Sarbanes-Oxley Compliance

The Sarbanes-Oxley Act of 2002 protects investors by improving the accuracy and reliability of corporate disclosures made pursuant to the securities laws. One of the most significant provisions within Sarbanes-Oxley is the criminal and civil penalties that place executive management and the board of directors "in the line of fire." Specifically, under Section 404 of the Sarbanes-Oxley Act, executives need to certify and demonstrate that they have established and are maintaining an adequate internal control structure and procedures for financial reporting.

Objectives to meet Sarbanes-Oxley compliance
Sarbanes-Oxley (SOX) requires a new level of corporate governance and accountability. As a result, the vital role security information and event management (SIEM) plays in establishing and maintaining internal controls has never been greater. Companies must institute log monitoring and vulnerability assessments as a critical part of their IT internal control systems. Both domestic and international publicly-traded companies must comply with Sarbanes-Oxley. If you are a covered entity, you must have methods to maintain audit trails and to log possible altering of electronic records. OpenService has mapped best practices and reports to help organizations comply with audits under Sarbanes-Oxley Section 404.

To address the requirements of section 404, companies must be able to address the following objectives:

	Access Control monitors attempts to access the company’s financial reporting system or the data that feeds the system.
	Configuration Control monitors the configuration, policies, and software installed on systems covered by Sarbanes-Oxley and all systems connected to that system.
	Malicious Software Detection capabilities collect and report malicious activities caused by viruses or other malicious code from a wide variety of sources with centralized analysis.
	Policy Enforcement verifies that all users are complying with regulations to reduce the chance of accidental exposure of sensitive information.
	User Monitoring and Management creates a complete audit of the activities of non-employees with access to private data and takes steps to minimize the risk from compromised accounts.
	Environment & Transmission Security involves the ongoing monitoring of the environment to ensure that security threats are detected and corrected as quickly as possible through proactive measure such as VA scans.

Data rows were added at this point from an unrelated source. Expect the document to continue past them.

Lemma dotp_unit_bound u v :
  dotp u u = 1 -> dotp v v = 1 -> -1 <= dotp u v <= 1.
Proof.
move=> uu vv; have := dotp_crossp_sqr u v; rewrite uu vv mulr1.
have := sqr_ge0 (crossp u v) => h1 h2; apply/andP; split; nra.
Qed.

Lemma unit_eq_of_dotp_ge1 u v :
  dotp u u = 1 -> dotp v v = 1 -> 1 <= dotp u v -> u = v.
Proof.
case: u v => [u1 u2] [v1 v2]; rewrite /dotp /= => uu vv uv.
have d : (u1 - v1) ^+ 2 + (u2 - v2) ^+ 2 <= 0 by nra.
have := sqr_ge0 (u1 - v1); have := sqr_ge0 (u2 - v2) => h2 h1.
have /eqP : (u1 - v1) ^+ 2 = 0 by lra.
have /eqP : (u2 - v2) ^+ 2 = 0 by lra.
by rewrite !sqrf_eq0 !subr_eq0 => /eqP -> /eqP ->.
Qed.

Lemma le_of_sqr_le a b : 0 <= a -> b ^+ 2 <= a ^+ 2 -> b <= a.
Proof. by move=> a0 h; nra. Qed.

(* Unit vectors (c, s) and (x, y) of the upper half-plane: the one with the
   larger first coordinate has the smaller polar angle. *)
Lemma sin_sub_ge0_upper c s x y :
  c ^+ 2 + s ^+ 2 = 1 -> x ^+ 2 + y ^+ 2 = 1 -> 0 <= s -> 0 <= y ->
  c <= x -> y * c <= x * s.
Proof.
move=> cs xy s0 y0 cx.
have E : (x * s) ^+ 2 - (y * c) ^+ 2 = x ^+ 2 - c ^+ 2.
  have es : s ^+ 2 = 1 - c ^+ 2 by lra.
  have ey : y ^+ 2 = 1 - x ^+ 2 by lra.
  by rewrite !exprMn es ey; ring.
have [c0|c0] := lerP 0 c; first by apply: le_of_sqr_le; nra.
have [x0|x0] := lerP 0 x; first by nra.
suff : - (x * s) <= - (y * c) by lra.
by apply: le_of_sqr_le; rewrite ?sqrrN; nra.
Qed.

(* In polar form (c, s) = e^(ia) and (x, y) = e^(ib) the hypotheses read
   cos a <= cos b and cos a <= cos (a - b), the conclusion
   0 <= sin b * sin (a - b). *)
Lemma sin_sub_between c s x y :
  c ^+ 2 + s ^+ 2 = 1 -> x ^+ 2 + y ^+ 2 = 1 ->
  c <= x -> c <= x * c + y * s -> 0 <= y * (x * s - y * c).
Proof.
wlog s0 : s y / 0 <= s.
  move=> W cs xy cx cxy; have [s0|s0] := lerP 0 s; first exact: W.
  have := W (- s) (- y); rewrite !sqrrN mulrNN.
  have -> : x * - s - - y * c = - (x * s - y * c) by ring.
  by rewrite mulrNN; apply => //; lra.
move=> cs xy cx cxy.
have [y0|y0] := lerP 0 y; first by have := sin_sub_ge0_upper cs xy s0 y0 cx; nra.
have [z0|z0] := lerP 0 (x * s - y * c); last by nra.
have xy' : (x * c + y * s) ^+ 2 + (x * s - y * c) ^+ 2 = 1.
  by rewrite -[1]mulr1 -{1}cs -xy; ring.
have := sin_sub_ge0_upper cs xy' s0 z0 cxy.
have : (x * c + y * s) * s - (x * s - y * c) * c = y * (c ^+ 2 + s ^+ 2) by ring.
by rewrite cs mulr1; lra.
Qed.

(* A unit vector v at least as close to e1 and to e2 as these are to each
   other lies in the angle between them: e1, v, e2 turn the same way. *)
Lemma crossp_between (e1 e2 v : R * R) :
  dotp e1 e1 = 1 -> dotp e2 e2 = 1 -> dotp v v = 1 ->
  dotp e1 e2 <= dotp v e1 -> dotp e1 e2 <= dotp v e2 ->
  0 <= crossp e1 v * crossp v e2.
Proof.
move=> u1 u2 uv h1 h2; rewrite [dotp v e1]dotpC in h1.
have := @sin_sub_between (dotp e1 e2) (crossp e1 e2) (dotp e1 v) (crossp e1 v).
rewrite !dotp_crossp_sqr u1 u2 uv !mulr1.
have -> : dotp e1 v * dotp e1 e2 + crossp e1 v * crossp e1 e2 =
  dotp e1 e1 * dotp v e2 by rewrite /dotp /crossp; ring.
have -> : dotp e1 v * crossp e1 e2 - crossp e1 v * dotp e1 e2 =
  dotp e1 e1 * crossp v e2 by rewrite /dotp /crossp; ring.
by rewrite u1 !mul1r; apply.
Qed.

To achieve and maintain compliance in those areas, companies must use the following product capabilities provided by the OpenService solution InfoCenter:

	Collect data in a non-filtered fashion that is preserved in an efficient and protected manner using Security Log Manager, a component of InfoCenter.
	Efficiently generate the summary and detailed reports spanning the data-retention periods mandated by Sarbanes-Oxley using the reporting component of InfoCenter.
	Forensic Analysis of systems’ correct policies and system settings to provide a debug-level view of all changes and the effect they have on the environment using InfoCenter correlations.
	Establish Incident Management capabilities for close monitoring and correction of violations to make sure they are recorded, escalated, and corrected in a timely and through manner using the alert monitoring capabilities of InfoCenter.

These functions ensure that the administrative, physical, and technical control demanded by SOX regulations are maintained. OpenService solutions address all of the technical standards required.